# Three nights two days Quebec City



## cgeidl (Apr 5, 2011)

Will be staying in the old town and this is our first visit..We arrive late the first night and then leave for Montreal about noon the last day. What's a good plan to see lots of the sights??


----------



## strandlover (Apr 6, 2011)

*Enjoy Vieux Québec*

The best way to visit Quebec City is by walking.  A good pair of sturdy sneakers is a must as there will be mix of paved streets, uneven cobblestones, steep climbs etc.

The Plains of Abraham and Chateau Frontenac are a must as is a walking tour along the small streets of Old Quebec.

My suggestion is to pack a lunch and avoid the long lineups in busy tourist season.  At the end of your day, with the money saved, walk on over to Rue Grande Allée and sit at one of the many outdoor Cafés.  You can order a "verge de bière" (yard of cold beer) or a glass of wine and appetizers.

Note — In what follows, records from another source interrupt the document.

Definition vanishes_monotonically (g : R -> R) : Prop :=
  ((fun x => `|g x|) x @[x --> +oo] --> (0 : R)) /\
  ((fun x => `|g x|) x @[x --> -oo] --> (0 : R)) /\
  exists c : R,
    (forall x y, x <= y -> y <= - c -> `|g x| <= `|g y|) /\
    (forall x y, c <= x -> x <= y -> `|g y| <= `|g x|).

Definition supnorm (f : R -> R) : R := sup (range (fun x => `|f x|)).

End Defs.

From HB Require Import structures.
From mathcomp Require Import all_boot all_order all_algebra.
From mathcomp Require Import all_classical all_reals all_analysis.
From mathcomp Require Import lra ring measurable_realfun.
Import Order.TTheory GRing.Theory Num.Theory.
Import numFieldNormedType.Exports.
Local Open Scope classical_set_scope.
Local Open Scope ring_scope.
Set Implicit Arguments. Unset Strict Implicit.

(* Since f vanishes outside (-R0, R0), both convolutions only see g (x - y)
   for |y| < R0, and once R0 < L/2 the torus convolution is the integral over
   the line of f y * g^(L) (x - y).  In the middle range x - y stays in
   [-L/2, L/2), where g^(L) = g, so h vanishes.  Near either end, g^(L) (x - y)
   differs from g (x - y) only on a set of y of length at most R0, where x - y
   has crossed -L/2 (resp. L/2) and g^(L) is g shifted by L (resp. -L); there
   the monotonicity of |g| on the tails bounds both |g (x - y)| and the shifted
   value by the endpoint values in the statement, and |f| <= supnorm f. *)

Lemma smooth_continuous (R : realType) (f : R -> R) : smooth f -> continuous f.
Proof.
move=> sf x; apply: differentiable_continuous; apply/derivable1_diffP.
exact: (sf 0%N x).
Qed.

Lemma supp_in_eq0 (R : realType) (f : R -> R) (R0 y : R) :
  continuous f -> supp_in f R0 -> R0 <= `|y| -> f y = 0.
Proof.
move=> cf sf; apply: contraTeq => fy0; rewrite -ltNge ltr_norml.
have nz_open : open [set z | f z != 0].
  apply: (@open_comp _ _ f [set r | r != 0]) => [z _|]; first exact: cf.
  exact: open_neq.
have : [set z | f z != 0]° y by rewrite (interior_id _).1.
move/(interiorS (subset_trans (@subset_closure _ _) sf)).
by rewrite (@interior_itv_bnd _ _ _ true false) /= in_itv.
Qed.

Lemma normr_le_supnorm (R : realType) (f : R -> R) (R0 y : R) :
  0 <= R0 -> continuous f -> supp_in f R0 -> `|f y| <= supnorm f.
Proof.
move=> R0_ge0 cf sf.
have normf_cont : continuous (fun y => `|f y|).
  by move=> x; apply: continuous_comp; [exact: cf | exact: norm_continuous].
have [c _ c_max] := @EVT_max R (fun y => `|f y|) (- R0) R0 ltac:(lra)
  (continuous_subspaceT normf_cont).
have ub z : `|f z| <= `|f c|.
  have [zin|zout] := boolP (z \in `[- R0, R0]); first exact: c_max.
  rewrite (supp_in_eq0 cf sf) ?normr0 //.
  by move: zout; rewrite in_itv /= -ler_norml -ltNge => /ltW.
apply: ub_le_sup; last by exists y.
by exists `|f c| => _ [z _ <-]; exact: ub.
Qed.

Stay away from the chain restaurants, there are too many wonderful spots for supper in Vieux Québec.  You may want to try Paris-Brest on Grande Allée.

Have fun!


----------



## bogey21 (Apr 6, 2011)

Quebec City is awsome.  If you get tired walking take a horse and buggy ride.  I assume they are still available.  

George


----------



## strandlover (Apr 6, 2011)

bogey21 said:


> Quebec City is awsome.  If you get tired walking take a horse and buggy ride.  I assume they are still available.
> 
> George



Good idea!

Yes, they are still available.  In Quebec (and Montreal), they are known as calèche rides.


----------